Exercise description
Print the line where "(eqxx x); last by move=> x1 y1 b /eqP ->." occurs and every line that follows it in the data below, ending with the last line, precisely as written.

Exercise material
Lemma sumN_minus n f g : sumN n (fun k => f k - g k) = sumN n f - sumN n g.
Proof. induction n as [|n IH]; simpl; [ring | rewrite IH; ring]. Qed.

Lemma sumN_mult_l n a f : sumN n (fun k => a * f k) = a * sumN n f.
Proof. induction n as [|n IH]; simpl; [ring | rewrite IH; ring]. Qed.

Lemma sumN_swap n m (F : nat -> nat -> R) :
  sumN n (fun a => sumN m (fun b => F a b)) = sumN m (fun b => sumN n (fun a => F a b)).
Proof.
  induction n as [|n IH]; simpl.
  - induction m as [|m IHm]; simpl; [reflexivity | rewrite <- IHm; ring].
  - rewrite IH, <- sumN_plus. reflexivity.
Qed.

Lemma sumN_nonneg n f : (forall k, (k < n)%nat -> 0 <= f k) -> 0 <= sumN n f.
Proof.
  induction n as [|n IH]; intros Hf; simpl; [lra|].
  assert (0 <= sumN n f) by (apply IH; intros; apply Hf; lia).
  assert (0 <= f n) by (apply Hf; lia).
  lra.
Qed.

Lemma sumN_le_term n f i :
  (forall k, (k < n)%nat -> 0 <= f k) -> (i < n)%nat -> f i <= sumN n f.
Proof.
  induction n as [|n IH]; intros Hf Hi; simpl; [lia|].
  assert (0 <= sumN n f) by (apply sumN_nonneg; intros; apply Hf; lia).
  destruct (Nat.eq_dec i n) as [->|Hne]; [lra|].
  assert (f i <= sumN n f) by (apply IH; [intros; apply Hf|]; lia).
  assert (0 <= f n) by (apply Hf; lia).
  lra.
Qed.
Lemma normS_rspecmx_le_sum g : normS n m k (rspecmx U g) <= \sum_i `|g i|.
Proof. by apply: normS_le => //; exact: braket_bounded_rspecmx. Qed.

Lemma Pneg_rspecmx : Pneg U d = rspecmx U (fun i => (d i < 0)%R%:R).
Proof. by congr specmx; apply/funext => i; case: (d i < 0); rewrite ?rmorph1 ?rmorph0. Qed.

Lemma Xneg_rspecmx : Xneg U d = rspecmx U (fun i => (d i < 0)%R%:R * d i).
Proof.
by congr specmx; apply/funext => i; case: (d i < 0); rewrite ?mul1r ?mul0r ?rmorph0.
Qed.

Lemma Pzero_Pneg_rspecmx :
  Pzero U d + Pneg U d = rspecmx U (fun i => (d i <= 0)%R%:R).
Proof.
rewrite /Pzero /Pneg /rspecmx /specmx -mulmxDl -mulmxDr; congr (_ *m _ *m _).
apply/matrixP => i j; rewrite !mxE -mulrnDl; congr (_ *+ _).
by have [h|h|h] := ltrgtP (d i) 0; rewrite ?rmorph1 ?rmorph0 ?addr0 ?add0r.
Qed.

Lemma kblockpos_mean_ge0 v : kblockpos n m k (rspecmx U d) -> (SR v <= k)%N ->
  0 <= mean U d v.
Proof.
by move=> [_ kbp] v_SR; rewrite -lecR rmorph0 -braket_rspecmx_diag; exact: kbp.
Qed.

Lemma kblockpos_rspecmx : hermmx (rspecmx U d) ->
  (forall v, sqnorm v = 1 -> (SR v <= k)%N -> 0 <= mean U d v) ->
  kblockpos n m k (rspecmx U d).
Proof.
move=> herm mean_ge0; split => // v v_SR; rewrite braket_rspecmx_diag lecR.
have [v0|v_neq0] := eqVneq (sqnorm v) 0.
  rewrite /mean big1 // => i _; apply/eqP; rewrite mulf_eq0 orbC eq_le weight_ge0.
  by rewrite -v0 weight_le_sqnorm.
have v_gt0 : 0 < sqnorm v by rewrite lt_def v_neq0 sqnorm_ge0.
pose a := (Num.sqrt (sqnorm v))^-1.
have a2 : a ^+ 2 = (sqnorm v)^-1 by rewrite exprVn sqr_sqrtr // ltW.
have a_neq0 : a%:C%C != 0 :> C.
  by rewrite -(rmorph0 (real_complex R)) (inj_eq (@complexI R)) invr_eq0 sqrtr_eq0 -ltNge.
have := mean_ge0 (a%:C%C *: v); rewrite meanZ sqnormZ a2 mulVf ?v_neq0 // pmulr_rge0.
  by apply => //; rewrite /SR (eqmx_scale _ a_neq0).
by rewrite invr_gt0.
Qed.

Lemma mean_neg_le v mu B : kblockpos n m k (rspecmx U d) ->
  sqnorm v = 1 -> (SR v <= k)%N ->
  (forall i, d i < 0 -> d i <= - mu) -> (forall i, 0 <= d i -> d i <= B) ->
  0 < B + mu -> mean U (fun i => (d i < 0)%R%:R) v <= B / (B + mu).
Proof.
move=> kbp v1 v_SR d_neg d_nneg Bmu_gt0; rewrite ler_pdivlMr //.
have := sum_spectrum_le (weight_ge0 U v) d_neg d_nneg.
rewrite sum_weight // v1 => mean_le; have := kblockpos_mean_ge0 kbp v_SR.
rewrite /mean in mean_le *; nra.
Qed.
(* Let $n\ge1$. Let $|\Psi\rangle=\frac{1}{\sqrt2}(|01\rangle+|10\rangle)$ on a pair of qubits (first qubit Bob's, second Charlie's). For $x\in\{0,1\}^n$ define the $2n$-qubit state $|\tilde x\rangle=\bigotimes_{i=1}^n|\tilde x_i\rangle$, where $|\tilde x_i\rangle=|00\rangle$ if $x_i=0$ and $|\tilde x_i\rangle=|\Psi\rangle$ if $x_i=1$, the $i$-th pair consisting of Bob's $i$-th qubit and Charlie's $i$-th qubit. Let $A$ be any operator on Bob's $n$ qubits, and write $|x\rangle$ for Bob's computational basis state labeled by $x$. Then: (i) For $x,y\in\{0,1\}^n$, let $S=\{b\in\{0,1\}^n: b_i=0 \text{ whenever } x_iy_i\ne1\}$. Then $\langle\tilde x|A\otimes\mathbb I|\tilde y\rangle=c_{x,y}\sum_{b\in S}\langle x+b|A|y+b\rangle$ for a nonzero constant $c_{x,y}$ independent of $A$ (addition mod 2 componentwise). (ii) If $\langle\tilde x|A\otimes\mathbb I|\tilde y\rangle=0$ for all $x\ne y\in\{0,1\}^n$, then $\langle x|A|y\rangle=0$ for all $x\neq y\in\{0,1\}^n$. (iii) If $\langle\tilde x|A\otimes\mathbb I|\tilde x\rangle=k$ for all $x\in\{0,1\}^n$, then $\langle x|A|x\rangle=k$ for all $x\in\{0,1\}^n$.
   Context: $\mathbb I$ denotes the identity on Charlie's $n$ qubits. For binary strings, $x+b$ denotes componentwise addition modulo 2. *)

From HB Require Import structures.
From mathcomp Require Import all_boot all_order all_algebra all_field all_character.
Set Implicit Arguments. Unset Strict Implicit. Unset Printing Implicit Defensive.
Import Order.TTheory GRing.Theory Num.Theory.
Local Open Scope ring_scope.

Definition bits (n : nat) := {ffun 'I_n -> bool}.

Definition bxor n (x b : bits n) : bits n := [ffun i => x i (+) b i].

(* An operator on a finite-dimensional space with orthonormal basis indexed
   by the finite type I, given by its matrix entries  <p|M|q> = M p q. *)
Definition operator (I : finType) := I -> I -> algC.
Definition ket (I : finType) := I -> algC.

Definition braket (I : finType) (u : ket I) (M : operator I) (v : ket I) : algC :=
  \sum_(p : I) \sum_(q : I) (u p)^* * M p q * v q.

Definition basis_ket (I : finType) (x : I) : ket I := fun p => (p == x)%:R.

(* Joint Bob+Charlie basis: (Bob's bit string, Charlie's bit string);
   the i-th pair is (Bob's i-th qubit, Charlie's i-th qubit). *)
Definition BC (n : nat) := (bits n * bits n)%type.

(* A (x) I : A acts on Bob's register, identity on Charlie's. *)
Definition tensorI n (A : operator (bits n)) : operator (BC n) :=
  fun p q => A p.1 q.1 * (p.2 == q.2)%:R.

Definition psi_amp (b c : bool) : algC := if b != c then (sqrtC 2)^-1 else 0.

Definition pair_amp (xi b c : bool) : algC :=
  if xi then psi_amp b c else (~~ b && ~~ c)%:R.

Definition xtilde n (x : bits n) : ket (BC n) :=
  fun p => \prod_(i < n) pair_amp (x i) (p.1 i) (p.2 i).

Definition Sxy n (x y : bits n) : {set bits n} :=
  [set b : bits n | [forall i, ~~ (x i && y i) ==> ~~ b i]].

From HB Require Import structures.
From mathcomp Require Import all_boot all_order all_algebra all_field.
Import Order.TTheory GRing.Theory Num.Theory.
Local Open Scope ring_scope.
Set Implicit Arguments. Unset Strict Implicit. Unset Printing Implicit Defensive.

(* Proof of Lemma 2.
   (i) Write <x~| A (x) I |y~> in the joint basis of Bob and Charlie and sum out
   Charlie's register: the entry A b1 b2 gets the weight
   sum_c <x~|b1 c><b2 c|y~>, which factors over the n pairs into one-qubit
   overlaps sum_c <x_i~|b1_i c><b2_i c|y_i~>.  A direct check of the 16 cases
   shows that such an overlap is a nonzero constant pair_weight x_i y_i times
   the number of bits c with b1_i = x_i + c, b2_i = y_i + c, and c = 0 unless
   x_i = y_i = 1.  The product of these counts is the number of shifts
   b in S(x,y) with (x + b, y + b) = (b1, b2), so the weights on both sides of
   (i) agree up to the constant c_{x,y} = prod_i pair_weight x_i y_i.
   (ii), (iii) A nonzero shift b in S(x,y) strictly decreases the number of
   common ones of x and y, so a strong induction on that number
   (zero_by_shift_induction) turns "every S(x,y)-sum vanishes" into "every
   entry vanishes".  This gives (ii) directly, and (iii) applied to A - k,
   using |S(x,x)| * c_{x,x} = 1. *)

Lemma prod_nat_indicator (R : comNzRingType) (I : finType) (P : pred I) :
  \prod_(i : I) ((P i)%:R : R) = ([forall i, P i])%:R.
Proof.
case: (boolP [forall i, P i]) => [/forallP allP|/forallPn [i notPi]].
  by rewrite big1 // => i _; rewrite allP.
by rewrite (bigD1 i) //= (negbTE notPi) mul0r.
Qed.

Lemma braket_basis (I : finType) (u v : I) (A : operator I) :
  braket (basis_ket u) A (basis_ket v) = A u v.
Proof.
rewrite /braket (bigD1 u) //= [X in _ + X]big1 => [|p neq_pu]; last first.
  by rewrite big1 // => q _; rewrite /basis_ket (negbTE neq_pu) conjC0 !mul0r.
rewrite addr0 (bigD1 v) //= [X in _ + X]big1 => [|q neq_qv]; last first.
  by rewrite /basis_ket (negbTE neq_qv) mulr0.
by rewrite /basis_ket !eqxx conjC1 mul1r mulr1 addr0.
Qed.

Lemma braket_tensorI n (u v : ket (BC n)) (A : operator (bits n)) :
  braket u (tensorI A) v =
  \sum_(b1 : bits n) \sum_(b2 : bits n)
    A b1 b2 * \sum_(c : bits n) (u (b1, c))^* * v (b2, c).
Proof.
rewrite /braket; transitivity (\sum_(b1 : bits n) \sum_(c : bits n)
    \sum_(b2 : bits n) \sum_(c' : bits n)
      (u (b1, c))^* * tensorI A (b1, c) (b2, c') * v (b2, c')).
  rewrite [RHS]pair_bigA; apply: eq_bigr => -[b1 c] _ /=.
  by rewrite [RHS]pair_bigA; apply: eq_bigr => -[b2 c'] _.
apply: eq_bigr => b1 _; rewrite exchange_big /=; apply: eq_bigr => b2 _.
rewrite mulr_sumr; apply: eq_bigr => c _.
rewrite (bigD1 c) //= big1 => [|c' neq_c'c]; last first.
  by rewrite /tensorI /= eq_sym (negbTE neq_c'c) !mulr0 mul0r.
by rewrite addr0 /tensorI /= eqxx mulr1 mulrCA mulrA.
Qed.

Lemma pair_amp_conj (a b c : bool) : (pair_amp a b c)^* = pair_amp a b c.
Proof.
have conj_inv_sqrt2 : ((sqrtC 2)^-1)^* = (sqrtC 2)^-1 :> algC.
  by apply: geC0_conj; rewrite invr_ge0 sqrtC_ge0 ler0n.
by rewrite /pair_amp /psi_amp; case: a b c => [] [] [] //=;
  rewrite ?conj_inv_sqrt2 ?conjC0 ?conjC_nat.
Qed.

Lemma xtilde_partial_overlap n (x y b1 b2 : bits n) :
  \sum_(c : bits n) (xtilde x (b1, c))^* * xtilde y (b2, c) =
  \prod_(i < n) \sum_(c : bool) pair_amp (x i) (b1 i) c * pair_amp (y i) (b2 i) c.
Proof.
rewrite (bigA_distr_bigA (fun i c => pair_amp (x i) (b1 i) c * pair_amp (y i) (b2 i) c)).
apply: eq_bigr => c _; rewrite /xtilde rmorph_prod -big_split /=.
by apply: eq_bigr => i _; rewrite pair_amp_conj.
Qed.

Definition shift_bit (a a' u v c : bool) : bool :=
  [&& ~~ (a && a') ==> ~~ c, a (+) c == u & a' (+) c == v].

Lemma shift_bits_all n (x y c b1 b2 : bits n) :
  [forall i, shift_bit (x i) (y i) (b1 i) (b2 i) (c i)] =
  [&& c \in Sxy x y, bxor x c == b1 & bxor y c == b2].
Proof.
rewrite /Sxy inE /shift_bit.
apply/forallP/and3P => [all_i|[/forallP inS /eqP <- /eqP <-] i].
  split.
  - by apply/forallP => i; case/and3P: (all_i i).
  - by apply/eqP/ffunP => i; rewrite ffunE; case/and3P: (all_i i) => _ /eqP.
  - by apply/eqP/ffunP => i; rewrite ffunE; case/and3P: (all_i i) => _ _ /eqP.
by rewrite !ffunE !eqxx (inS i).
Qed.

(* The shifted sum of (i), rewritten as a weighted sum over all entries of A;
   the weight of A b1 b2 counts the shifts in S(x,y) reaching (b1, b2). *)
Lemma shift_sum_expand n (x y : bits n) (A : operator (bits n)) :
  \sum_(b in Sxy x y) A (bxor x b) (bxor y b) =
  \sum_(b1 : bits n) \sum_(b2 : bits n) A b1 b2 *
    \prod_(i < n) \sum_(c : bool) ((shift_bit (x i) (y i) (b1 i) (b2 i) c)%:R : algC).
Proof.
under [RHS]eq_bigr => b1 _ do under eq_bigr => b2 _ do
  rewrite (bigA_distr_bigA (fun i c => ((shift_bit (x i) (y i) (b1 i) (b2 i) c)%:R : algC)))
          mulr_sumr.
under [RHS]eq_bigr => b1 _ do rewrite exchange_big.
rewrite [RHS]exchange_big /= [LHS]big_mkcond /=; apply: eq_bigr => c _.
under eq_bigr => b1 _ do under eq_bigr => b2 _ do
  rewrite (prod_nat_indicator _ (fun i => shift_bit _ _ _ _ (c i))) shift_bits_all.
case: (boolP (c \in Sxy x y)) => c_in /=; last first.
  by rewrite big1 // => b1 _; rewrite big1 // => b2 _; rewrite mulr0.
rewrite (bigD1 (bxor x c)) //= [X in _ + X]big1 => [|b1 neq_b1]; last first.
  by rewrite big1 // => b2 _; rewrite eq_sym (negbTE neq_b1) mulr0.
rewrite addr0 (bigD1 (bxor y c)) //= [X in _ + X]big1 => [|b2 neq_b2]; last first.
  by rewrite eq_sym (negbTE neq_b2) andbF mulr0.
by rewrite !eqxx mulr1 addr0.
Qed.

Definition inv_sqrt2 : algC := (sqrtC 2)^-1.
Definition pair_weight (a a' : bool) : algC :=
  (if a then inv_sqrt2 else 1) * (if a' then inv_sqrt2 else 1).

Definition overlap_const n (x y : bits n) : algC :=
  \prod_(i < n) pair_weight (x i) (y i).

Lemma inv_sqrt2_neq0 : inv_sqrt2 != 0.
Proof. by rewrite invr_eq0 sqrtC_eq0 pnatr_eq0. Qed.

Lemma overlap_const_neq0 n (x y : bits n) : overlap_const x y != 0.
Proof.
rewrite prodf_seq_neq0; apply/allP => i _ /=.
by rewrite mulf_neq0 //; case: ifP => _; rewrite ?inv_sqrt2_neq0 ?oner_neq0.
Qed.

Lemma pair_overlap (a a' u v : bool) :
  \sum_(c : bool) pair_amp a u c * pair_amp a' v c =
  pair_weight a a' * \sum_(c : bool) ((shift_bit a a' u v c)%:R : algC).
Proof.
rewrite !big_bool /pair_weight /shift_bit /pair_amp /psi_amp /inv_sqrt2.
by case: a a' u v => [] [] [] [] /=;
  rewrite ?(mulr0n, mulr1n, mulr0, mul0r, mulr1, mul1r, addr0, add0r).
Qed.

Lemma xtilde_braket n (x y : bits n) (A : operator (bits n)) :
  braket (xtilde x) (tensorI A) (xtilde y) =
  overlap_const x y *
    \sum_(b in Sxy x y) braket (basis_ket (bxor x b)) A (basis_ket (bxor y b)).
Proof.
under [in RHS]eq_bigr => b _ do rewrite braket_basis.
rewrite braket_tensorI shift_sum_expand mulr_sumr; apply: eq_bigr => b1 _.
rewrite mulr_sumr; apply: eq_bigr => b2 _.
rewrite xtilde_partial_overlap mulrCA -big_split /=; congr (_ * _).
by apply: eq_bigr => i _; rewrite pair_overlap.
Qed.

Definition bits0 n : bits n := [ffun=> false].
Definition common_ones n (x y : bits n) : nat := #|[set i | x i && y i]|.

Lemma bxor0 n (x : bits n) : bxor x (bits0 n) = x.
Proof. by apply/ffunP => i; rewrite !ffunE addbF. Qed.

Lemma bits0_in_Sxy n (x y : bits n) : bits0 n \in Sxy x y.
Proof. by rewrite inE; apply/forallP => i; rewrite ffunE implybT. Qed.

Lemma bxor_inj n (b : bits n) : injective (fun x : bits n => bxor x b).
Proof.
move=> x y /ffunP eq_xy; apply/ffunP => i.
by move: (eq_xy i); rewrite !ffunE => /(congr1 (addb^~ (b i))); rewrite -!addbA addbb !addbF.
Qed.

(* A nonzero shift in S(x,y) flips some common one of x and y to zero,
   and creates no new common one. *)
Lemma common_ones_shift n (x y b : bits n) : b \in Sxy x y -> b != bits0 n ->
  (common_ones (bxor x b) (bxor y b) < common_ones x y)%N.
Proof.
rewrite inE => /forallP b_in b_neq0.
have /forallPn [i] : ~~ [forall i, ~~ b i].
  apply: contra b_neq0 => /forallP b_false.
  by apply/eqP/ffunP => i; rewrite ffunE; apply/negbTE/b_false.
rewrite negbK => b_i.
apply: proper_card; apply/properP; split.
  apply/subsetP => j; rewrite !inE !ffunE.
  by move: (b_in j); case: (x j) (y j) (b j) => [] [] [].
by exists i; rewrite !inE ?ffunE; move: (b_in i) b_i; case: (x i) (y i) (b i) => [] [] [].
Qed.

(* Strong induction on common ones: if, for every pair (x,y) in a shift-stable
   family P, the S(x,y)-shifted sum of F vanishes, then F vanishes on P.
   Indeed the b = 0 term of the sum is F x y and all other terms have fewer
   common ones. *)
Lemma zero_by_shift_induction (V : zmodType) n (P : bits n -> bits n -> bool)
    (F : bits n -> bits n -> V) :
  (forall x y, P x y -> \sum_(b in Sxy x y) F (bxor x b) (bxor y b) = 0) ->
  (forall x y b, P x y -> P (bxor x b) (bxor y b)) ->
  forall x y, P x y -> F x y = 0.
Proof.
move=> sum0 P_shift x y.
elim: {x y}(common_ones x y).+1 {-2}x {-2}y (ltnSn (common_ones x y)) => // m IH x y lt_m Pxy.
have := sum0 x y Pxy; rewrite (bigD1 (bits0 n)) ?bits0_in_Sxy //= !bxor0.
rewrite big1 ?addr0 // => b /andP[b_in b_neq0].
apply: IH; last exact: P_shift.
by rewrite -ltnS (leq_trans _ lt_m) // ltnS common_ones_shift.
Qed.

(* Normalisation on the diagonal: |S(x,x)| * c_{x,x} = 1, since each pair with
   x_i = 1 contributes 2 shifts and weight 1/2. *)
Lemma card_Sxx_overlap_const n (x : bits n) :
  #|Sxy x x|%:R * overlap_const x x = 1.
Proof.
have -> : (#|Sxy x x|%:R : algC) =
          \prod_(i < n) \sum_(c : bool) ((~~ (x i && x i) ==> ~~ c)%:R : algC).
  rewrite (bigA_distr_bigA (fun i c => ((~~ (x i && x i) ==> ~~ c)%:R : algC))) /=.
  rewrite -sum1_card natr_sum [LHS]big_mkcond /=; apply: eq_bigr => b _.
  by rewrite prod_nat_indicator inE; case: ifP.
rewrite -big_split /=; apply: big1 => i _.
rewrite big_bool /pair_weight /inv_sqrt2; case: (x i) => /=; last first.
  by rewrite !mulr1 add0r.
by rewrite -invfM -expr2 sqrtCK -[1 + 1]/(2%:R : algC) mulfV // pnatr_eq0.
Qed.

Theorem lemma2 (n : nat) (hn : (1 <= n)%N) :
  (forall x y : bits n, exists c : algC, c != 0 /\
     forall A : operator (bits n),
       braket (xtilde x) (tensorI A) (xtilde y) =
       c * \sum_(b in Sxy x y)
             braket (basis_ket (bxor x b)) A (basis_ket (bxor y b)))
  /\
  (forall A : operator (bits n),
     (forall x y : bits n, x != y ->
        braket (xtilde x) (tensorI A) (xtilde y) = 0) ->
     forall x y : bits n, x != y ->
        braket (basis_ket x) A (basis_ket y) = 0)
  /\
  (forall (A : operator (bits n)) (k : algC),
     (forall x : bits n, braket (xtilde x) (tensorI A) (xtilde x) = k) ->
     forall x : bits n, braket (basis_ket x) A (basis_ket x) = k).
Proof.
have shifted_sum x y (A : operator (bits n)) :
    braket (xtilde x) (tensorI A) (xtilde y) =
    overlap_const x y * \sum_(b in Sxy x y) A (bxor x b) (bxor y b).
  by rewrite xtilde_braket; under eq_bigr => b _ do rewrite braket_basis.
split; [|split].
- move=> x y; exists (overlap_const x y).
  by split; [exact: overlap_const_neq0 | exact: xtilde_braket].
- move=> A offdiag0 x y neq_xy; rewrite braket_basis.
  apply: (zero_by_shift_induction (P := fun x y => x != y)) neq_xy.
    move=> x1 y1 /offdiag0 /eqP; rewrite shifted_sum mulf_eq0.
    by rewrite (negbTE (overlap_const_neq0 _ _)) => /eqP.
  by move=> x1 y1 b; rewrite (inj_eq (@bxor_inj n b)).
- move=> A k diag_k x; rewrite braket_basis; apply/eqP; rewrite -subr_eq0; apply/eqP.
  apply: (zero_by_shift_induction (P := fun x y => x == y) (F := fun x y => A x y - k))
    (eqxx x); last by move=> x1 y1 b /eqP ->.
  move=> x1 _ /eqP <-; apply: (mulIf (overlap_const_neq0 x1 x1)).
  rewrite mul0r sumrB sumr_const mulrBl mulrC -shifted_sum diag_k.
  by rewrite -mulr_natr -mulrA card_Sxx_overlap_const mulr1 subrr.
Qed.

Response area
    (eqxx x); last by move=> x1 y1 b /eqP ->.
  move=> x1 _ /eqP <-; apply: (mulIf (overlap_const_neq0 x1 x1)).
  rewrite mul0r sumrB sumr_const mulrBl mulrC -shifted_sum diag_k.
  by rewrite -mulr_natr -mulrA card_Sxx_overlap_const mulr1 subrr.
Qed.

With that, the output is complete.